Dr. Sette said significant advances in bioinformatics and genomic sequencing over the last 10 years will enable the La Jolla Institute team to seek more comprehensive epitope identification than ever before. "The genomes of microbes of very large sizes are now available," he said, referring to biomedical advances that have allowed the entire molecular blueprint of many viruses and microbes to be mapped. In addition, bioinformatic prediction, which uses computer modeling and algorithms for disease research, has been greatly refined, he said.

"It is now technologically possible to tackle some of the biggest pathogens, such as malaria and TB (tuberculosis), with a truly unbiased screen that could reveal many exciting new vaccine and diagnostic candidates," said Dr.
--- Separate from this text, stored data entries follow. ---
(* The weighted function [(y - Fu / gam) e^(gam u)] is nonincreasing.  [MVT_gen] may return
   an endpoint, where nothing is known about [F]; hence the [Rmin 0] in its derivative. *)
Lemma linear_comparison_upper (y F : R -> R) gam t0 t1 Fu :
  0 < gam -> t0 <= t1 ->
  (forall s, t0 < s < t1 -> is_derive y s (F s - gam * y s)) ->
  (forall s, t0 <= s <= t1 -> continuous y s) ->
  (forall s, t0 < s < t1 -> F s <= Fu) ->
  y t1 <= Fu / gam + (y t0 - Fu / gam) * exp (- gam * (t1 - t0)).
Proof.
  intros Hg Ht Hd Hc HF.
  set (z := fun u => (y u - Fu / gam) * exp (gam * u)).
  destruct (MVT_gen z t0 t1 (fun u => Rmin 0 ((F u - Fu) * exp (gam * u)))) as [c [_ Hzc]].
  - rewrite Rmin_left, Rmax_right by lra. intros u Hu.
    rewrite Rmin_right by (pose proof (HF u Hu); pose proof (exp_pos (gam * u)); nra).
    replace ((F u - Fu) * exp (gam * u))
      with ((F u - gam * y u) * exp (gam * u) + (y u - Fu / gam) * (gam * exp (gam * u)))
      by (field; lra).
    apply (is_derive_mult (fun u => y u - Fu / gam) (fun u => exp (gam * u))).
    + apply is_derive_Reals. rewrite <- (Rminus_0_r (F u - gam * y u)).
      apply (derivable_pt_lim_minus y (fun _ => Fu / gam));
        [apply is_derive_Reals, Hd, Hu | apply derivable_pt_lim_const].
    + auto_derive; [auto | ring].
    + intros; apply Rmult_comm.
  - rewrite Rmin_left, Rmax_right by lra. intros u Hu. apply continuity_pt_filterlim.
    apply (continuous_mult (K:=R_AbsRing) (fun u => y u - Fu / gam) (fun u => exp (gam * u))).
    + apply (continuous_minus (V:=R_NormedModule)); [apply Hc, Hu | apply continuous_const].
    + apply (ex_derive_continuous (K:=R_AbsRing) (V:=R_NormedModule)). auto_derive. auto.
  - pose proof (Rmin_l 0 ((F c - Fu) * exp (gam * c))).
    assert (Hdec : z t1 <= z t0) by nra. unfold z in Hdec.
    pose proof (exp_pos (gam * t1)).
    assert (E : exp (- gam * (t1 - t0)) = exp (gam * t0) / exp (gam * t1)).
    { replace (gam * t0) with (- gam * (t1 - t0) + gam * t1) by ring. rewrite exp_plus.
      field. lra. }
    rewrite E. apply (Rmult_le_reg_r (exp (gam * t1))); auto.
    replace ((Fu / gam + (y t0 - Fu / gam) * (exp (gam * t0) / exp (gam * t1))) * exp (gam * t1))
      with (Fu / gam * exp (gam * t1) + (y t0 - Fu / gam) * exp (gam * t0)) by (field; lra).
    lra.
Qed.

Lemma linear_comparison (y F : R -> R) gam t0 t1 Fl Fu :
  0 < gam -> t0 <= t1 ->
  (forall s, t0 < s < t1 -> is_derive y s (F s - gam * y s)) ->
  (forall s, t0 <= s <= t1 -> continuous y s) ->
  (forall s, t0 < s < t1 -> Fl <= F s <= Fu) ->
  Fl / gam + (y t0 - Fl / gam) * exp (- gam * (t1 - t0)) <= y t1 <=
  Fu / gam + (y t0 - Fu / gam) * exp (- gam * (t1 - t0)).
Proof.
  intros Hg Ht Hd Hc HF. split.
  - assert (H : - y t1 <= - Fl / gam + (- y t0 - - Fl / gam) * exp (- gam * (t1 - t0))).
    { apply (linear_comparison_upper (fun u => - y u) (fun u => - F u)); auto.
      - intros s Hs. replace (- F s - gam * - y s) with (- (F s - gam * y s)) by ring.
        apply (is_derive_opp y), Hd, Hs.
      - intros s Hs. apply (continuous_opp (V:=R_NormedModule)), Hc, Hs.
      - intros s Hs. pose proof (HF s Hs). lra. }
    replace (- Fl / gam + (- y t0 - - Fl / gam) * exp (- gam * (t1 - t0))) with
      (- (Fl / gam + (y t0 - Fl / gam) * exp (- gam * (t1 - t0)))) in H by (field; lra).
    lra.
  - apply (linear_comparison_upper y F); auto. intros s Hs. apply HF, Hs.
Qed.

(** * One-sided derivatives and C^1 functions *)

Definition deriv_within_at (D : R -> Prop) (f : R -> R) (l s : R) : Prop :=
  forall eps, 0 < eps -> exists d, 0 < d /\ forall h, h <> 0 -> Rabs h < d -> D (s + h) ->
    Rabs ((f (s + h) - f s) / h - l) < eps.

Definition cont_within_at (D : R -> Prop) (f : R -> R) (s : R) : Prop :=
  forall eps, 0 < eps -> exists d, 0 < d /\ forall y, Rabs (y - s) < d -> D y ->
    Rabs (f y - f s) < eps.

Lemma has_deriv_within_iff (D : R -> Prop) f f' :
  has_deriv_within D f f' <-> forall s, D s -> deriv_within_at D f (f' s) s.
Proof.
  split; intros H s Hs.
  - intros e He.
    destruct (proj1 (filterlim_locally _ _) (H s Hs) (mkposreal e He)) as [[d Hd] Hy].
    exists d. split; [exact Hd|]. intros h Hh Hhd HD. apply ball_R_Rabs, Hy; [|auto].
    apply ball_R_Rabs. rewrite Rminus_0_r; auto.
  - apply filterlim_locally. intros [e He]. destruct (H s Hs e He) as [d [Hd Hy]].
    exists (mkposreal d Hd). intros h Hb [Hh HD]. apply ball_R_Rabs, Hy; auto.
    apply ball_R_Rabs in Hb. simpl in Hb. replace h with (h - 0) by ring. exact Hb.
Qed.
Sette, who is principal investigator on the tuberculosis and dengue virus contracts and co-investigator on the malaria contract.

Shane Crotty, Ph.D., co-investigator on the tuberculosis contract, described epitopes as what the immune system "sees" on an infected cell and which causes it to attack and eliminate the cell. "By understanding which epitopes cause an immune attack, scientists can conceivably use those epitopes to develop a vaccine to ward off illness - in this case to tuberculosis." Researchers from UC San Diego and FIOCRUZ, a health institute in Brazil, will also collaborate on the tuberculosis study, providing clinical samples from a diverse patient group reflecting the diversity of tuberculosis exposures and of patient ethnic backgrounds worldwide. "Using samples from a diverse patient population will enable us to ensure that the immune responses we're measuring will be universally protective," said Dr. Sette.
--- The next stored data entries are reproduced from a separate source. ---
Lemma fil_basis_full y : y - a \in L 1 -> basis_of fullv (fil_basis x y).
Proof.
move=> ya; rewrite basisEdim size_tuple leqnn andbT.
set S := <<fil_basis x y>>%VS.
have LS d k : (0 < k)%N -> (n.-1 - k <= d)%N -> (L k <= S)%VS.
  elim: d k => [|d IH] k k_pos k_d; have [k_ge|k_lt] := leqP n.-1 k.
  - by rewrite lower_pow_eq0 ?sub0v.
  - lia.
  - by rewrite lower_pow_eq0 ?sub0v.
  apply: subv_trans (lower_pow_sub_line k_pos) _.
  by rewrite subv_add -memvE xpow_in_fil_basis ?IH //; lia.
have L1S : (L 1 <= S)%VS by apply: (LS n); lia.
apply/subvP => p _; have [al [be [r [rL1 ->]]]] := fullv_decomp_lift p ya.
apply: memvD; last exact: subvP L1S _ rL1.
apply: memvD; apply: memvZ; first exact: y_in_fil_basis.
by apply: (xpow_in_fil_basis _ _ (k := 0)); lia.
Qed.

Lemma br_ann_lift y : y - a \in L 1 -> mul x y = 0 ->
  exists be e, br x y = be *: y + e *: xpow x n.-2.
Proof.
move=> ya xy; have [xb _] := mul_br_ann xy.
have [al [be [r [rL1 bxy]]]] := fullv_decomp_lift (br x y) ya.
have xr : be *: xpow x 1 = - mul x r.
  apply/eqP; rewrite -addr_eq0; apply/eqP.
  by rewrite -xb bxy !mulDr !mulZr xy scaler0 add0r.
have be0 : be = 0.
  apply/eqP; apply: contraT => be0.
  suff: xpow x 1 \in L 2 by rewrite (negbTE (xpow_notin _)) //; lia.
  rewrite -[xpow x 1](scalerK be0) xr; apply/memvZ; rewrite memvN.
  exact: (mul_lower_pow 0 1 (memvf x) rL1).
have /vlineP[e re] : r \in <[xpow x n.-2]>%VS.
  apply: ann_x_lower_pow1 => //; apply/eqP.
  by rewrite -oppr_eq0 -xr be0 scale0r.
by exists al, e; rewrite bxy re be0 scale0r addr0.
Qed.

Lemma exists_frame : exists y b be e, fil_frame x y b be e /\ (b != 0 -> be = 0).
Proof.
have [y ya xy] := exists_ann_lift.
have /vlineP[b yy] : mul y y \in <[xpow x n.-2]>%VS.
  apply: ann_x_lower_pow1; first exact: (mul_lower_pow 0 0 (memvf y) (memvf y)).
  by rewrite -mulA xy mul0l.
have [be [e bxy]] := br_ann_lift ya xy.
exists y, b, be, e; split; first by split => //; exact: fil_basis_full.
move=> b0; have [_ yb] := mul_br_ann xy.
have q0 : xpow x n.-2 != 0.
  by apply: contraNneq (xpow_notin (leqnn _)) => ->; apply: mem0v.
move: yb; rewrite bxy mulDr !mulZr yy mulC mul_xpow_ann // scaler0 addr0 scalerA.
by move/eqP; rewrite scaler_eq0 mulf_eq0 (negbTE b0) (negbTE q0) !orbF => /eqP.
Qed.

End Generators.

Lemma exists_filiform_frame :
  exists x y b be e, fil_frame x y b be e /\ (b != 0 -> be = 0).
Proof.
have [a a_notin aP] := exists_mul_lower_pow2.
have [x _ x_notin] : exists2 x, x \in fullv & x \notin (<[a]> + L 1)%VS.
  by apply: exists_notin_of_dim_lt; rewrite dim_add_line // dim_lower_pow; lia.
by exists x; apply: exists_frame a_notin aP x_notin.
Qed.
Joel Ernst, M.D., director of Infectious Diseases at New York University and a leader in the field of tuberculosis immunology, said the La Jolla Institute study may lead to an improved approach to tuberculosis vaccine development. "The scientific community's knowledge of T cell epitopes in TB is currently very limited," he said, noting that scientists are aware of a number of tuberculosis epitopes, but know little about those that have been identified.
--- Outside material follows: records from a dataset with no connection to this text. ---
Lemma sqfrob_coord_split m n (X : 'M[R]_(n, m)) S :
  sqfrob X = sqfrob (coord_proj S *m X) + sqfrob ((1%:M - coord_proj S) *m X).
Proof.
rewrite /sqfrob -big_split; apply: eq_bigr => i _; rewrite -big_split; apply: eq_bigr => j _.
rewrite /= coord_proj_mulmxE coord_projC_mulmxE.
by case: (i \in S); rewrite expr0n ?addr0 ?add0r.
Qed.

End FrobeniusSquare.

Arguments coord_proj {R n} S.

Section Frobenius.
Variable R : rcfType.
Implicit Types m n : nat.

Lemma frob_ge0 m n (A : 'M[R]_(m, n)) : 0 <= frob A.
Proof. exact: sqrtr_ge0. Qed.

Lemma frob_sqr m n (A : 'M[R]_(m, n)) : frob A ^+ 2 = sqfrob A.
Proof. by rewrite sqr_sqrtr // sqfrob_ge0. Qed.

Lemma frobN m n (A : 'M[R]_(m, n)) : frob (- A) = frob A.
Proof. by rewrite /frob -/(sqfrob _) sqfrobN. Qed.

Lemma ler_frobD m n (A B : 'M[R]_(m, n)) : frob (A + B) <= frob A + frob B.
Proof.
have dot_le : \tr (A^T *m B) <= frob A * frob B.
  apply: le_trans (ler_norm _) _.
  rewrite -(ler_pXn2r (_ : (0 < 2)%N)) ?nnegrE ?normr_ge0 ?mulr_ge0 ?frob_ge0 //.
  by rewrite real_normK ?num_real // exprMn !frob_sqr frob_cauchy_schwarz.
rewrite -(ler_pXn2r (_ : (0 < 2)%N)) ?nnegrE ?addr_ge0 ?frob_ge0 //.
by rewrite frob_sqr sqfrobD -!frob_sqr; lra.
Qed.

Lemma ler_dist_frob m n (A B : 'M[R]_(m, n)) : `|frob A - frob B| <= frob (A - B).
Proof.
have := ler_frobD (A - B) B; have := ler_frobD (B - A) A.
rewrite !subrK -opprB frobN => hB hA.
by rewrite ler_norml; apply/andP; split; lra.
Qed.

End Frobenius.

Lemma sqr_div4_le (R : realFieldType) (g x : R) :
  0 <= g -> g / 2 <= `|x| -> g ^+ 2 / 4 <= x ^+ 2.
Proof.
move=> g0 gx; rewrite (_ : g ^+ 2 / 4 = (g / 2) ^+ 2); last by rewrite expr_div_n; lra.
by rewrite -[x ^+ 2]real_normK ?num_real // ler_pXn2r ?nnegrE ?normr_ge0 //; lra.
Qed.

Lemma sqr_gap (R : realFieldType) (x y g : R) :
  `|x| <= g / 2 -> g <= `|y| -> g ^+ 2 / 4 <= (x - y) ^+ 2.
Proof.
move=> xg gy; have := ler_normD (y - x) x; rewrite subrK distrC => hxy.
by have := normr_ge0 x; move=> x0; apply: sqr_div4_le; lra.
Qed.

Lemma distmat_sym (R : rcfType) n T (P : 'I_T -> 'M[R]_n) : (distmat P)^T = distmat P.
Proof. by apply/matrixP => i j; rewrite !mxE -opprB frobN. Qed.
"We're gradually coming to understand the complexity of the immune response in TB, and as we appreciate that complexity, we have to know what the targets of T cells are at various stages of infection and in people who have different outcomes," he said, adding that the La Jolla Institute study will be valuable in illuminating how tuberculosis epitopes trigger the immune system's T cells to launch an attack in a broad cross-section of patients.

According to the World Health Organization, about 1.6 million people die from tuberculosis each year and another nearly one million deaths are caused by malaria. In both diseases, people living in the poorest countries are the most vulnerable, with the majority of deaths occurring in the developing world. Currently, no vaccine exists for malaria. The World Health Organizations states that about 3.3 billion people - half of the world's population - are at risk for malaria. For tuberculosis, the only vaccine available, BCG, has varying degrees of efficacy. These factors, coupled with the emergence of multi-drug-resistant strains for both tuberculosis and malaria, have made the search for new, more effective counter-measures a major public health concern.

For the malaria component, Dr. Sette and his research team will work with Denise Doolan, principal investigator on the malaria contract, and her team at the Queensland Institute of Medical Research in Australia, who are collecting blood samples from people exposed to the disease in Papua New Guinea, in collaboration with colleagues at the Papua New Guinea Institute for Medical Research.